I have used potassium carbonate without problem. I'm surprised at the salty taste; usually the saltiness is associated with sodium, not potassium. How much did you add, and what was the initial acid level?

Ken


----------



## Rock (Nov 24, 2011)

Try Calcium bi-carbonate post ferment next time.


----------



## Minnesotamaker (Nov 24, 2011)

I've noticed the taste too with potassium carbonate. But I wouldn't really call it salty like sodium chloride. The best way I can describe it is an aftertaste or "mouth feel" that would be be there if the wine was salted.


----------



## BigMac (Nov 25, 2011)

Hello corkscrew.

Cold stabilization is part of the process after the addition of Potassium Carbonate. 
So your next step is to build a temperature controller for your freezer and convince your wife (or significant other) that this is just temporary. Do not tell her right away that you are going to need the freezer for one or two months!! You have to ease her into it.

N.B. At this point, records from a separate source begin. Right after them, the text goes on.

Lemma gamma_integrand_1 t : gamma_integrand 1 t = exp (- t).
Proof. unfold gamma_integrand, Rpower. rewrite Rminus_diag, Rmult_0_l, exp_0. ring. Qed.

Lemma gamma_integrand_gt0 s t : 0 < gamma_integrand s t.
Proof. apply Rmult_lt_0_compat; [apply Rpower_gt0 | apply exp_pos]. Qed.

Lemma continuous_gamma_integrand s t : 0 < t -> continuous (gamma_integrand s) t.
Proof.
  intros Ht. apply (ex_derive_continuous (K := R_AbsRing) (V := R_NormedModule) (gamma_integrand s) t).
  unfold gamma_integrand. auto_derive. apply ex_derive_Rpower, Ht.
Qed.

Lemma gamma_integrand_le_Rpower s t : 0 <= t -> gamma_integrand s t <= Rpower t (s - 1).
Proof.
  intros Ht. unfold gamma_integrand. rewrite <- (Rmult_1_r (Rpower t (s - 1))) at 2.
  apply Rmult_le_compat_l; [left; apply Rpower_gt0 |].
  rewrite <- exp_0. apply exp_le_compat. lra.
Qed.

Lemma gamma_integrand_le_exp_half s t :
  1 <= t -> gamma_integrand s t <= exp (2 * (s - 1) ^ 2) * exp (- t / 2).
Proof.
  intros Ht. unfold gamma_integrand, Rpower. rewrite <- !exp_plus. apply exp_le_compat.
  (* [ln t <= 2 sqrt t] and [2 |s - 1| sqrt t <= t / 2 + 2 (s - 1)^2] *)
  assert (Hsq : 0 < sqrt t) by (apply sqrt_lt_R0; lra).
  assert (Hln : ln t <= 2 * sqrt t).
  { rewrite <- (sqrt_sqrt t) at 1 by lra. rewrite ln_mult by assumption.
    pose proof (exp_ineq1_le (ln (sqrt t))) as H. rewrite exp_ln in H by assumption. lra. }
  assert (Hln0 : 0 <= ln t) by (rewrite <- ln_1; apply ln_le; lra).
  assert (Habs : (s - 1) * ln t <= Rabs (s - 1) * (2 * sqrt t)).
  { apply Rle_trans with (Rabs (s - 1) * ln t).
    - apply Rmult_le_compat_r; [exact Hln0 | apply RRle_abs].
    - apply Rmult_le_compat_l; [apply Rabs_pos | exact Hln]. }
  assert (Hsq2 : Rabs (s - 1) ^ 2 = (s - 1) ^ 2) by apply pow2_abs.
  pose proof (pow2_ge_0 (sqrt t - 2 * Rabs (s - 1))).
  pose proof (sqrt_sqrt t ltac:(lra)).
  nra.
Qed.

Lemma is_RInt_Rpower s u : 0 < s -> 0 < u ->
  is_RInt (fun t => Rpower t (s - 1)) u 1 (/ s - Rpower u s / s).
Proof.
  intros Hs Hu.
  assert (Hin : forall t, Rmin u 1 <= t <= Rmax u 1 -> 0 < t).
  { intros t Ht. apply Rlt_le_trans with (Rmin u 1); [apply Rmin_glb_lt; lra | apply Ht]. }
  replace (/ s - Rpower u s / s) with (Rpower 1 s / s - Rpower u s / s)
    by (unfold Rpower; rewrite ln_1, Rmult_0_r, exp_0; field; lra).
  apply (is_RInt_derive (fun t => Rpower t s / s)).
  - intros t Ht. specialize (Hin t Ht).
    auto_derive; [apply ex_derive_Rpower, Hin |].
    rewrite Derive_Rpower by exact Hin. field. lra.
  - intros t Ht. apply (ex_derive_continuous (K := R_AbsRing) (V := R_NormedModule)).
    apply ex_derive_Rpower, Hin, Ht.
Qed.

Lemma is_RInt_exp_half K v :
  is_RInt (fun t => K * exp (- t / 2)) 1 v (2 * K * exp (- 1 / 2) - 2 * K * exp (- v / 2)).
Proof.
  replace (2 * K * exp (- 1 / 2) - 2 * K * exp (- v / 2))
    with (- 2 * K * exp (- v / 2) - - 2 * K * exp (- 1 / 2)) by ring.
  apply (is_RInt_derive (fun t => - 2 * K * exp (- t / 2))).
  - intros t _. auto_derive; [exact I |].
    change (- t * / 2) with (- t / 2). field.
  - intros t _. apply (ex_derive_continuous (K := R_AbsRing) (V := R_NormedModule)).
    auto_derive. exact I.
Qed.

Lemma ex_RInt_gamma_integrand s u v : 0 < u -> 0 < v -> ex_RInt (gamma_integrand s) u v.
Proof.
  intros Hu Hv. apply (ex_RInt_continuous_on _ (fun t => 0 < t)).
  - intros t Ht. apply continuous_gamma_integrand, Ht.
  - intros t Ht. apply Rlt_le_trans with (Rmin u v); [apply Rmin_glb_lt; assumption | apply Ht].
Qed.

Lemma RInt_gamma_integrand_le_near0 s u : 0 < s -> 0 < u <= 1 ->
  RInt (gamma_integrand s) u 1 <= / s.
Proof.
  intros Hs Hu.
  apply Rle_trans with (RInt (fun t => Rpower t (s - 1)) u 1).
  - apply RInt_le; [lra | apply ex_RInt_gamma_integrand; lra | eexists; apply is_RInt_Rpower; lra |].
    intros t Ht. apply gamma_integrand_le_Rpower. lra.
  - rewrite (is_RInt_unique _ _ _ _ (is_RInt_Rpower s u Hs ltac:(lra))).
    pose proof (Rpower_gt0 u s). pose proof (Rinv_0_lt_compat s Hs).
    unfold Rdiv. nra.
Qed.

Lemma RInt_gamma_integrand_le_near_p_infty s v : 1 <= v ->
  RInt (gamma_integrand s) 1 v <= 2 * exp (2 * (s - 1) ^ 2) * exp (- 1 / 2).
Proof.
  intros Hv. set (K := exp (2 * (s - 1) ^ 2)).
  apply Rle_trans with (RInt (fun t => K * exp (- t / 2)) 1 v).
  - apply RInt_le; [lra | apply ex_RInt_gamma_integrand; lra | eexists; apply is_RInt_exp_half |].
    intros t Ht. apply gamma_integrand_le_exp_half. lra.
  - rewrite (is_RInt_unique _ _ _ _ (is_RInt_exp_half K v)).
    assert (0 < K) by apply exp_pos. pose proof (exp_pos (- v / 2)). nra.
Qed.

Lemma is_RInt_gen_gamma_integrand s : 0 < s ->
  exists L, 0 < L /\ is_RInt_gen (gamma_integrand s) (at_right 0) (Rbar_locally p_infty) L.
Proof.
  intros Hs.
  destruct (is_RInt_gen_at_right_nonneg (gamma_integrand s) 0 1 (/ s)) as [L1 [HL1 H1]].
  - lra.
  - intros t Ht. apply continuous_gamma_integrand, Ht.
  - intros t _. left. apply gamma_integrand_gt0.
  - intros u Hu. apply RInt_gamma_integrand_le_near0; assumption.
  - destruct (is_RInt_gen_p_infty_nonneg (gamma_integrand s) 1
                (2 * exp (2 * (s - 1) ^ 2) * exp (- 1 / 2))) as [L2 [HL2 H2]].
    + intros t Ht. apply continuous_gamma_integrand. lra.
    + intros t _. left. apply gamma_integrand_gt0.
    + apply RInt_gamma_integrand_le_near_p_infty.
    + exists (plus L1 L2). split; [| exact (is_RInt_gen_Chasles _ 1 L1 L2 H1 H2)].
      assert (0 < RInt (gamma_integrand s) (1 / 2) 1).
      { apply RInt_gt_0; [lra | intros; apply gamma_integrand_gt0 |].
        intros t Ht. apply continuous_gamma_integrand. lra. }
      assert (RInt (gamma_integrand s) (1 / 2) 1 <= L1) by (apply HL1; lra).
      change (0 < L1 + L2). lra.
Qed.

Here is a link to temperature controller. It still needs wiring. 
http://www.grainger.com/Grainger/items/3ZP77?Pid=search

Good luck.
Jim


----------



## LJPelletier (Nov 25, 2011)

BigMac said:


> Hello corkscrew.
> 
> Cold stabilization is part of the process after the addition of Potassium Carbonate.
> So your next step is to build a temperature controller for your freezer and convince your wife (or significant other) that this is just temporary. *Do not tell her right away that you are going to need the freezer for one or two months!!* You have to ease her into it.
> ...



Ahahahahahaaa


----------